Task description >>
Using the records below, repeat exactly the lines from the one holding "(S \subset B)" through the one holding "point on M (at", both ends included, and no others.

Listed entries >>
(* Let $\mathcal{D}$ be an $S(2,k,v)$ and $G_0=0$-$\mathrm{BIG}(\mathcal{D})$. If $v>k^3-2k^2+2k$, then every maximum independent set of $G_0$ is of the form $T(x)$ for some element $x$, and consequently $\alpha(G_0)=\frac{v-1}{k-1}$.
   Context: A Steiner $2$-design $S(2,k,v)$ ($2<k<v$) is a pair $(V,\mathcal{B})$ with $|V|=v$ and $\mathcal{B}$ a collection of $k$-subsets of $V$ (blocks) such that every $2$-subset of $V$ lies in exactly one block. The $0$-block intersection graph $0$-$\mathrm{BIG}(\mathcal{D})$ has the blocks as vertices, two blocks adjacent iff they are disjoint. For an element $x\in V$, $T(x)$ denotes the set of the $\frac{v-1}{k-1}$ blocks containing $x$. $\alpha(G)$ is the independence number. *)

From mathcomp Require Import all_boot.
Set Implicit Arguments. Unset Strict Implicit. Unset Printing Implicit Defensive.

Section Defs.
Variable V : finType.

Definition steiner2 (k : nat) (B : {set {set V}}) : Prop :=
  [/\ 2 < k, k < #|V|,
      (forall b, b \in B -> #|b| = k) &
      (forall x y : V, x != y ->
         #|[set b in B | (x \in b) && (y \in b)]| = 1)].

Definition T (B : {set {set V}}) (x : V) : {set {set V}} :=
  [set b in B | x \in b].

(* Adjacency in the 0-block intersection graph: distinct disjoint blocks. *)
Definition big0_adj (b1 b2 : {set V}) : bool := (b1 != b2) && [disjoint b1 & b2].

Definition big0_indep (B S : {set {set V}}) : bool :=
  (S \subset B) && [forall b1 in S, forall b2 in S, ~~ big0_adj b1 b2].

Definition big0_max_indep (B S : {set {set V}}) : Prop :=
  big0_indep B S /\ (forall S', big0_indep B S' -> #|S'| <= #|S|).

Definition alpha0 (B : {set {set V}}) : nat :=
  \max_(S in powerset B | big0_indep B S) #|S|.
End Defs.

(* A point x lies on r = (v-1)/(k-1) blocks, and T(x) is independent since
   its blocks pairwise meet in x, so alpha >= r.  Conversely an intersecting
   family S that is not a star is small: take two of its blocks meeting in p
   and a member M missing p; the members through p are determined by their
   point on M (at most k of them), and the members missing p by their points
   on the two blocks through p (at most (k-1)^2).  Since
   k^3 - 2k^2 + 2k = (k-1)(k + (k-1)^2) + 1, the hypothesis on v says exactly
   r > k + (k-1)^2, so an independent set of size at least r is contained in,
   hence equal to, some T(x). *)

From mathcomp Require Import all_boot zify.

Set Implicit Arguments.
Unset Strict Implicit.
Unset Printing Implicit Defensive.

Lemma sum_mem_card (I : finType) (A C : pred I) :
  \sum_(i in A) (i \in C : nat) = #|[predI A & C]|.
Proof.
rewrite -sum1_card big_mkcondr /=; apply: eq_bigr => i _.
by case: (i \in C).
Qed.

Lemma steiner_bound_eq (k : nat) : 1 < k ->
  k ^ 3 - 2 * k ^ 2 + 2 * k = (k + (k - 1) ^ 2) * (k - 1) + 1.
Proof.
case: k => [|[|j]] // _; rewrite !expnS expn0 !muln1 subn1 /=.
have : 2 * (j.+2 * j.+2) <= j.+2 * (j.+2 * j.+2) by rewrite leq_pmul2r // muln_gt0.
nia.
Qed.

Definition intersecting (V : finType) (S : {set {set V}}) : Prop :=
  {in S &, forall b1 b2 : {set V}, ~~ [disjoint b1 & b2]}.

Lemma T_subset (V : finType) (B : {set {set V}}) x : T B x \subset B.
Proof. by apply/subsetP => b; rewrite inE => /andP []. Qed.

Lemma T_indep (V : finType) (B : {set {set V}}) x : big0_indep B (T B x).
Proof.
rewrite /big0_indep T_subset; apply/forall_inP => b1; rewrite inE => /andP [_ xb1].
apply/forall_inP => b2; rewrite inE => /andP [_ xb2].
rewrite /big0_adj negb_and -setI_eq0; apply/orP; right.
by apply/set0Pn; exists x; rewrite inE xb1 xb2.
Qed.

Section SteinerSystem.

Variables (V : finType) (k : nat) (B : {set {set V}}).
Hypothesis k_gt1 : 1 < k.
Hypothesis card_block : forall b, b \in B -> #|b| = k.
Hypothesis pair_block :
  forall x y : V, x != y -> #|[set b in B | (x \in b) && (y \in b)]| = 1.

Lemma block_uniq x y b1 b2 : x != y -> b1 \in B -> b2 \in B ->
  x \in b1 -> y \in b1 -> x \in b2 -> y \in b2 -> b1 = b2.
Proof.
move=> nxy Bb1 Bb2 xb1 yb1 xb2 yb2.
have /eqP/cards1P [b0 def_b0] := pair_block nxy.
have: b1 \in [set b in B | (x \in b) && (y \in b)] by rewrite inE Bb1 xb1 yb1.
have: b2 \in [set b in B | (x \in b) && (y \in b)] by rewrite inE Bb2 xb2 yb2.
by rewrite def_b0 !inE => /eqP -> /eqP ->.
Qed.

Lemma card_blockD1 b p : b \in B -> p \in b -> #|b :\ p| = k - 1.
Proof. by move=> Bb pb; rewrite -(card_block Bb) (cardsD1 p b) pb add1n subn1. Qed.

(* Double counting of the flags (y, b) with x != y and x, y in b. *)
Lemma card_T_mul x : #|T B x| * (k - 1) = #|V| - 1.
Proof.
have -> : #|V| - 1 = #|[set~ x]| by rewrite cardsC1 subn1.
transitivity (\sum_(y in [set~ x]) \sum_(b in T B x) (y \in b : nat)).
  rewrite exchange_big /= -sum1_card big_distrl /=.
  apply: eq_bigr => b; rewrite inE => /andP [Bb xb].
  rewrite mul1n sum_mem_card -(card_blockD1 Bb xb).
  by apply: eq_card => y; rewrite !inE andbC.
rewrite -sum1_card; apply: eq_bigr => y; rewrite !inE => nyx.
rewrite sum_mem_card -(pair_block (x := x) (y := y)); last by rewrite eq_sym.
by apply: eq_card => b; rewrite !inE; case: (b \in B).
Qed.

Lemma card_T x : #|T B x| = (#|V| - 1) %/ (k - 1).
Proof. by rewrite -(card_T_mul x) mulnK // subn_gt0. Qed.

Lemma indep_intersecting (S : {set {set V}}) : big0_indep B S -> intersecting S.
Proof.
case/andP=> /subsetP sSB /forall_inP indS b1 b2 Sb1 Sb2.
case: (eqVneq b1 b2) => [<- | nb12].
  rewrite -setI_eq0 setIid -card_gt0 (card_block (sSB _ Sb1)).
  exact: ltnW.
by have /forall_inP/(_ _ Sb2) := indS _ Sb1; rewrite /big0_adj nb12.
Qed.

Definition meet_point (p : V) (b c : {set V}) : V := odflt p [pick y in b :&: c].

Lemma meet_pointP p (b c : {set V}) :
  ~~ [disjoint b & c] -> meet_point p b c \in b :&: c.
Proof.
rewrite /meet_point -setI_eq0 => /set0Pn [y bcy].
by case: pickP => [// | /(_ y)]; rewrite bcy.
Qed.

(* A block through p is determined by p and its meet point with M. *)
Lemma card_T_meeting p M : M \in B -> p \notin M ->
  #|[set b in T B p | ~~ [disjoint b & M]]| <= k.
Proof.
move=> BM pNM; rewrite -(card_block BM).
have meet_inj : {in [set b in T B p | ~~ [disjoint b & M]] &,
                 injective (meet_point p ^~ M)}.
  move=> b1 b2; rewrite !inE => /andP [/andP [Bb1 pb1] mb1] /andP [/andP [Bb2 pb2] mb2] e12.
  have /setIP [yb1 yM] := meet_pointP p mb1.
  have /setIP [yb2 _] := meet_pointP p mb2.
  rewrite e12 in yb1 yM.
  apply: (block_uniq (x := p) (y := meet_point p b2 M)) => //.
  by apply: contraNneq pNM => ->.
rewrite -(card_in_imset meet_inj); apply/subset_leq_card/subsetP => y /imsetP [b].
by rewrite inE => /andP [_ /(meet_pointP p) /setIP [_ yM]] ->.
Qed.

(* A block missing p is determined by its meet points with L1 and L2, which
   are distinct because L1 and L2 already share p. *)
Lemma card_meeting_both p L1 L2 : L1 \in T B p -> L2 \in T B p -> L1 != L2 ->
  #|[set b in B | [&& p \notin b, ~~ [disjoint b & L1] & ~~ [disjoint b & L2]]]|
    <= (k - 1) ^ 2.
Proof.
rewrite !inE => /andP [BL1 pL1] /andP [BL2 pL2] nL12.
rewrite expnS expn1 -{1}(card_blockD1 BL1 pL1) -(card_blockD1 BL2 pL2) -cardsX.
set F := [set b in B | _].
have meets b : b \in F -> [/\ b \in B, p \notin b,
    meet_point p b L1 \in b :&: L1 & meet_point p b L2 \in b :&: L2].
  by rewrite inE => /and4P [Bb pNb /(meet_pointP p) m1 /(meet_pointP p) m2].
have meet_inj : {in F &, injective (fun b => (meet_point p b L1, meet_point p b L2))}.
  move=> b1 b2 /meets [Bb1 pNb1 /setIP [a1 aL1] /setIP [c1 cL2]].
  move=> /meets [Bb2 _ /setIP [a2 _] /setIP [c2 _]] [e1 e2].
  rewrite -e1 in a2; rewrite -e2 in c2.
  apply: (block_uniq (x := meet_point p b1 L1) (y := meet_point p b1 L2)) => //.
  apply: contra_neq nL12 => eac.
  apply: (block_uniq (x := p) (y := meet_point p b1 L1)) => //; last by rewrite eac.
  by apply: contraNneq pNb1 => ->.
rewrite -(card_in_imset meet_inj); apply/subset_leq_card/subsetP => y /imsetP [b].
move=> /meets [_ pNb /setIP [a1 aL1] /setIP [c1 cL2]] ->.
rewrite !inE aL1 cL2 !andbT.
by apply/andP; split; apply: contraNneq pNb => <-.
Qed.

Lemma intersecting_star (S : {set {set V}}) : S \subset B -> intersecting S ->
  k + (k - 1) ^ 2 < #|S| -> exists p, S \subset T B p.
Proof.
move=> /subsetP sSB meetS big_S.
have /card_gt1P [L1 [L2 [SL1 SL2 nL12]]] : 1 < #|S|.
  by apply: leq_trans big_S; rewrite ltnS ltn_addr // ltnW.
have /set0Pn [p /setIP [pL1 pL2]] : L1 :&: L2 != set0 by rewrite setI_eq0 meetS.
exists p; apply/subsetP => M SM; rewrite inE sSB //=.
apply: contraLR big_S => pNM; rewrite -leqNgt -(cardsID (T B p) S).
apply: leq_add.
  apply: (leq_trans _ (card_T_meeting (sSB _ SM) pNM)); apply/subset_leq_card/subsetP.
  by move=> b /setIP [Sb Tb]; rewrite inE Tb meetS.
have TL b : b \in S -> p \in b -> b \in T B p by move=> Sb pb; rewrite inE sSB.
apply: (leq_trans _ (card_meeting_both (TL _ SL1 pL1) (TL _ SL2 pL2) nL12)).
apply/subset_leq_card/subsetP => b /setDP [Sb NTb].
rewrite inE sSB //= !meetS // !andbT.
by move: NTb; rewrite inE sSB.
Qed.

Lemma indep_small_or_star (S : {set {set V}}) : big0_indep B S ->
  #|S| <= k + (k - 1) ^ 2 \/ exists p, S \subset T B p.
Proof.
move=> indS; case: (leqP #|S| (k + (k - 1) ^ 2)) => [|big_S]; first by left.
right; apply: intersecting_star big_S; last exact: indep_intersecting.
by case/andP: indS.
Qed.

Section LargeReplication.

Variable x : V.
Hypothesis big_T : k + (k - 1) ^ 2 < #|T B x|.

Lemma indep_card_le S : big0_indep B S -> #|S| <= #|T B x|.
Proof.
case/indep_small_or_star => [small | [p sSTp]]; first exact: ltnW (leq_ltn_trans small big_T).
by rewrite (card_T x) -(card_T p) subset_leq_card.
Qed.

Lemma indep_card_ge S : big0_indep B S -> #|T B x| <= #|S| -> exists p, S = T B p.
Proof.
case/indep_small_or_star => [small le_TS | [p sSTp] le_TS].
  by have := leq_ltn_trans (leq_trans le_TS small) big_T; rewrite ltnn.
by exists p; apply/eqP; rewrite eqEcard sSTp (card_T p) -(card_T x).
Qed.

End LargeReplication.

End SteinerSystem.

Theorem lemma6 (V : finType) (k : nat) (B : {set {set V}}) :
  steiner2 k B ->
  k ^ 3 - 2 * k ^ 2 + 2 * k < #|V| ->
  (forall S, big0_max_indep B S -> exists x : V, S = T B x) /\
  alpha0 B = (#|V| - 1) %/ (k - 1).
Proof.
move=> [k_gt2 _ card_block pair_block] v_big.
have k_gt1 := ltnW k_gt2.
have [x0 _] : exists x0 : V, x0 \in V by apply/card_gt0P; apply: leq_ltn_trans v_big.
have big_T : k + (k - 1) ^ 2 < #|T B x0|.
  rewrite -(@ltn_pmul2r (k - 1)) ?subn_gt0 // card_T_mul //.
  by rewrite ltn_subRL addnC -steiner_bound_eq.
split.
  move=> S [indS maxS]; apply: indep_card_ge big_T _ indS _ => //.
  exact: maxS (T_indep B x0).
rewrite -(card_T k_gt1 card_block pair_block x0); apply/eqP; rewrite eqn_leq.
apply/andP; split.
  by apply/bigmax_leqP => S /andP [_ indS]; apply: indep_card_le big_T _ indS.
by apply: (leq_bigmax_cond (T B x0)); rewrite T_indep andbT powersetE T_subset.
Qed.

Your response >>
  (S \subset B) && [forall b1 in S, forall b2 in S, ~~ big0_adj b1 b2].

Definition big0_max_indep (B S : {set {set V}}) : Prop :=
  big0_indep B S /\ (forall S', big0_indep B S' -> #|S'| <= #|S|).

Definition alpha0 (B : {set {set V}}) : nat :=
  \max_(S in powerset B | big0_indep B S) #|S|.
End Defs.

(* A point x lies on r = (v-1)/(k-1) blocks, and T(x) is independent since
   its blocks pairwise meet in x, so alpha >= r.  Conversely an intersecting
   family S that is not a star is small: take two of its blocks meeting in p
   and a member M missing p; the members through p are determined by their
   point on M (at most k of them), and the members missing p by their points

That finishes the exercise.